Lemma coord_vertex_at x y : coord_x (vertex_at x y) = x /\ coord_y (vertex_at x y) = y.
Proof.
case: (edivnP x 3) => i c -> /= c3; rewrite mulnC vertex_at_hex //.
have c6 : hex_pos c y < 6 by case: c c3 y => [|[|[|]]] // _ [].
by rewrite coord_x_hex // coord_y_hex //; case: c c3 {c6} y => [|[|[|]]] // _ [].
Qed.

Lemma coord_x_vertex_at x y : coord_x (vertex_at x y) = x.
Proof. by case: (coord_vertex_at x y). Qed.

Lemma coord_y_vertex_at x y : coord_y (vertex_at x y) = y.
Proof. by case: (coord_vertex_at x y). Qed.

Lemma vertex_at_coord u : vertex_at (coord_x u) (coord_y u) = u.
Proof.
case: (edivnP u 6) => i a -> /= a6; rewrite mulnC coord_x_hex // coord_y_hex //.
by rewrite vertex_at_hex; case: a a6 => [|[|[|[|[|[|]]]]]].
Qed.

Lemma coord_x_lt {n u} : u < 6 * n -> coord_x u < 3 * n.
Proof.
case: (edivnP u 6) => i a -> /= a6; rewrite mulnC coord_x_hex //.
have : hex_x a < 3 by case: a a6 => [|[|[|[|[|[|]]]]]].
lia.
Qed.

Lemma vertex_at_lt {n x} y : x < 3 * n -> vertex_at x y < 6 * n.
Proof.
case: (edivnP x 3) => i c -> /= c3; rewrite mulnC vertex_at_hex //.
have : hex_pos c y < 6 by case: c c3 y => [|[|[|]]] // _ [].
lia.
Qed.

Lemma big_phenylene_coords {R : Type} {idx : R} (op : Monoid.com_law idx) {n} (F : nat -> R) :
  \big[op/idx]_(u < 6 * n) F u
    = \big[op/idx]_(0 <= x < 3 * n) \big[op/idx]_(y : bool) F (vertex_at x y).
Proof.
rewrite big_mkord pair_bigA /=.
pose h (p : 'I_(3 * n) * bool) := Ordinal (vertex_at_lt p.2 (ltn_ord p.1)).
pose h' (u : 'I_(6 * n)) := (Ordinal (coord_x_lt (ltn_ord u)), coord_y u).
rewrite (reindex h) //; exists h' => [[x y] _ | u _]; last first.
  by apply: val_inj; rewrite /= vertex_at_coord.
by rewrite /h' /= coord_y_vertex_at; congr (_, _); apply: val_inj; rewrite /= coord_x_vertex_at.
Qed.

Definition ladder_adj (x : nat) (y : bool) (x' : nat) (y' : bool) : bool :=
  ((y == y') && (`|x - x'| == 1)) || [&& x == x', x %% 3 != 1 & y != y'].

Lemma phen_adj_ladder u v :
  phen_adj u v = ladder_adj (coord_x u) (coord_y u) (coord_x v) (coord_y v).
Proof.
case: (edivnP u 6) => i a -> /= a6; case: (edivnP v 6) => j b -> /= b6.
rewrite !(mulnC _ 6) !coord_x_hex // !coord_y_hex // /phen_adj /ladder_adj.
have -> : (6 * i + a) %/ 6 = i by lia.
have -> : (6 * i + a) %% 6 = a by lia.
have -> : (6 * j + b) %/ 6 = j by lia.
have -> : (6 * j + b) %% 6 = b by lia.
by case: a a6 => [|[|[|[|[|[|]]]]]] // _; case: b b6 => [|[|[|[|[|[|]]]]]] //= _; lia.
Qed.

Definition row_gap (x x' : nat) : nat := if (x == x') && (x %% 3 == 1) then 3 else 1.

Definition ladder_dist (x : nat) (y : bool) (x' : nat) (y' : bool) : nat :=
  `|x - x'| + (y != y') * row_gap x x'.

Lemma ladder_dist_eq0 x y x' y' : (ladder_dist x y x' y' == 0) = (x == x') && (y == y').
Proof. by rewrite /ladder_dist /row_gap; case: y y' => [] []; case: ifP; lia. Qed.

Lemma ladder_distC x y x' y' : ladder_dist x y x' y' = ladder_dist x' y' x y.
Proof. by rewrite /ladder_dist /row_gap; case: y y' => [] []; do ? case: ifP; lia. Qed.

Lemma ladder_dist_adj x y x1 y1 x2 y2 :
  ladder_adj x1 y1 x2 y2 -> ladder_dist x y x2 y2 <= (ladder_dist x y x1 y1).+1.
Proof.
by rewrite /ladder_adj /ladder_dist /row_gap; case: y y1 y2 => [] [] [] /=; do ? case: ifP; lia.
Qed.

Lemma ladder_dist_descent {N x y x' y'} :
  x < N -> x' < N -> 0 < ladder_dist x y x' y' ->
  exists2 p : nat * bool, (p.1 < N) && ladder_adj p.1 p.2 x' y'
    & ladder_dist x y p.1 p.2 = (ladder_dist x y x' y').-1.
Proof.
rewrite /ladder_adj /ladder_dist /row_gap => xN x'N d0.
case: (boolP ((y != y') && (x' %% 3 != 1))) => [/andP[yy' rung] | no_rung].
  by exists (x', y); case: y y' yy' d0 => [] [] //=; do ? case: ifP; lia.
(* Otherwise walk along the row of x' towards x (either way out of a rungless column). *)
case: (ltngtP x x') => [lt | gt | eq].
- by exists (x'.-1, y'); case: y y' no_rung d0 => [] [] /=; do ? case: ifP; lia.
- by exists (x'.+1, y'); case: y y' no_rung d0 => [] [] /=; do ? case: ifP; lia.
- by exists (x'.-1, y'); case: y y' no_rung d0 => [] [] /=; do ? case: ifP; lia.
Qed.

Lemma gdist_phenylene n (u v : 'I_(6 * n)) :
  gdist (phenylene n) u v = ladder_dist (coord_x u) (coord_y u) (coord_x v) (coord_y v).
Proof.
apply: (@gdist_eq _ _ u (fun w : 'I_(6 * n) =>
  ladder_dist (coord_x u) (coord_y u) (coord_x w) (coord_y w))) => [w|w1 w2|w].
- rewrite ladder_dist_eq0; apply/andP/eqP => [[/eqP ux /eqP uy]|-> //].
  by apply: val_inj; rewrite /= -(vertex_at_coord u) ux uy vertex_at_coord.
- by rewrite /phenylene phen_adj_ladder; apply: ladder_dist_adj.
- move=> /(ladder_dist_descent (coord_x_lt (ltn_ord u)) (coord_x_lt (ltn_ord w))).
  case=> -[x y] /= /andP[xn adj] dist.
  exists (Ordinal (vertex_at_lt y xn));
    by rewrite /phenylene /= ?phen_adj_ladder coord_x_vertex_at coord_y_vertex_at.
Qed.

Lemma sum_nat_eq_and N c (b : bool) : \sum_(0 <= j < N) ((j == c) && b) = (c < N) && b.
Proof.
rewrite (eq_bigr (fun j => if j == c then nat_of_bool b else 0)); last by move=> j _; case: eqP.
by rewrite -big_mkcond big_nat1_eq; case: (c < N).
Qed.

Lemma gdeg_phenylene n (u : 'I_(6 * n)) :
  gdeg (phenylene n) u = (0 < coord_x u) + ((coord_x u).+1 < 3 * n) + (coord_x u %% 3 != 1).
Proof.
set x := coord_x u.
have xn : x < 3 * n := coord_x_lt (ltn_ord u).
pose adj w := nat_of_bool (ladder_adj x (coord_y u) (coord_x w) (coord_y w)).
rewrite /gdeg -sum1_card big_mkcond /= (eq_bigr (fun v : 'I_(6 * n) => adj v)); last first.
  by move=> v _; rewrite inE /phenylene phen_adj_ladder /adj; case: ladder_adj.
rewrite big_phenylene_coords (eq_bigr (fun x' =>
    ((x' == x.-1) && (0 < x)) + ((x' == x.+1) && true) + ((x' == x) && (x %% 3 != 1)))); last first.
  move=> x' _; rewrite big_bool /= /adj !coord_x_vertex_at !coord_y_vertex_at /ladder_adj.
  by case: (coord_y u) => /=; lia.
rewrite !big_split /= !sum_nat_eq_and; lia.
Qed.

Definition deg2_column n x := [|| x == 0, x == 3 * n - 1 | x %% 3 == 1].

Lemma gdeg_phenylene_eq2 n (u : 'I_(6 * n)) :
  (gdeg (phenylene n) u == 2) = deg2_column n (coord_x u).
Proof. by have := coord_x_lt (ltn_ord u); rewrite gdeg_phenylene /deg2_column; lia. Qed.

Local Open Scope ring_scope.

Lemma sum_symmetric_pairs {V : nmodType} {N} (f : 'I_N -> 'I_N -> V) :
  (forall i j, f i j = f j i) ->
  \sum_(i < N) \sum_(j < N) f i j
    = \sum_(i < N) f i i + (\sum_(i < N) \sum_(j < N | (i < j)%N) f i j) *+ 2.
Proof.
move=> fC.
have row i : \sum_(j < N) f i j
    = f i i + \sum_(j < N | (i < j)%N) f i j + \sum_(j < N | (j < i)%N) f i j.
  rewrite (bigD1 i) //= (bigID (fun j : 'I_N => (i < j)%N)) /= addrA.
  by congr (_ + _ + _); apply: eq_bigl => j; rewrite -val_eqE /=; lia.
rewrite (eq_bigr _ (fun i _ => row i)) !big_split /= -addrA mulr2n; congr (_ + (_ + _)).
rewrite (exchange_big_dep xpredT) //=.
by apply: eq_bigr => i _; apply: eq_bigr => j _; apply: fC.
Qed.

Lemma sum_absdiff (V : nmodType) (F : nat -> V) n :
  \sum_(0 <= i < n) \sum_(0 <= j < n) F `|i - j|%N
    = F 0%N *+ n + (\sum_(1 <= k < n) F k *+ (n - k)) *+ 2.
Proof.
elim: n => [|n IHn]; first by rewrite !big_geq // mulr0n mul0rn addr0.
have weights : \sum_(1 <= k < n.+1) F k *+ (n.+1 - k)
    = \sum_(1 <= k < n) F k *+ (n - k) + \sum_(1 <= k < n.+1) F k.
  case: n {IHn} => [|n]; first by rewrite !big_geq // addr0.
  rewrite [LHS]big_nat_recr // [X in _ + X]big_nat_recr //= subSnn mulr1n addrA.
  congr (_ + _); rewrite -big_split; apply: eq_big_nat => k /andP[_ kn].
  by rewrite subSn ?mulrSr //; lia.
set R := \sum_(1 <= k < n.+1) F k.
have col : \sum_(0 <= i < n) F `|i - n|%N = R.
  rewrite [R]big_add1 big_nat_rev /=; apply: eq_big_nat => i /andP[_ ni]; congr F; lia.
have row : \sum_(0 <= j < n.+1) F `|n - j|%N = R + F 0%N.
  by rewrite big_nat_recr //= -col distnn; congr (_ + _); apply: eq_bigr => j _; rewrite distnC.
rewrite big_nat_recr //= (eq_bigr (fun i : nat => \sum_(0 <= j < n) F `|i - j|%N + F `|i - n|%N));
  last by move=> i _; rewrite big_nat_recr.
rewrite big_split /= IHn col row weights -/R [F 0%N *+ n.+1]mulrSr mulrnDl [R *+ 2]mulr2n -!addrA.
by congr (_ + _); rewrite [R + F 0%N]addrC !(addrCA _ (F 0%N)).
Qed.

Lemma sum_mod3_eq1 (V : nmodType) n (G : nat -> V) :
  \sum_(0 <= x < 3 * n | (x %% 3 == 1)%N) G x = \sum_(0 <= i < n) G (3 * i + 1)%N.
Proof.
elim: n => [|n IHn]; first by rewrite !big_geq.
have -> : (3 * n.+1 = (3 * n).+3)%N by lia.
rewrite big_mkcond /= in IHn; rewrite big_mkcond !big_nat_recr //= IHn.
have -> : ((3 * n) %% 3 == 1)%N = false by lia.
have -> : ((3 * n).+1 %% 3 == 1)%N = true by lia.
have -> : ((3 * n).+2 %% 3 == 1)%N = false by lia.
by rewrite !addr0 addn1.
Qed.

Definition ladder_weight (x x' : nat) : {poly int} :=
  \sum_(y : bool) \sum_(y' : bool) 'X^(ladder_dist x y x' y').

Definition apart_weight (k : nat) : {poly int} := ('X^k + 'X^(k.+1)) *+ 2.

Definition middle_weight (k : nat) : {poly int} :=
  if k == 0%N then (1 + 'X^3) *+ 2 else apart_weight (3 * k).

### Activity:
Which lines in the listing hold the word "edivnP"? Copy them out.

### Your solution:
case: (edivnP x 3) => i c -> /= c3; rewrite mulnC vertex_at_hex //.
case: (edivnP u 6) => i a -> /= a6; rewrite mulnC coord_x_hex // coord_y_hex //.
case: (edivnP u 6) => i a -> /= a6; rewrite mulnC coord_x_hex //.
case: (edivnP x 3) => i c -> /= c3; rewrite mulnC vertex_at_hex //.
case: (edivnP u 6) => i a -> /= a6; case: (edivnP v 6) => j b -> /= b6.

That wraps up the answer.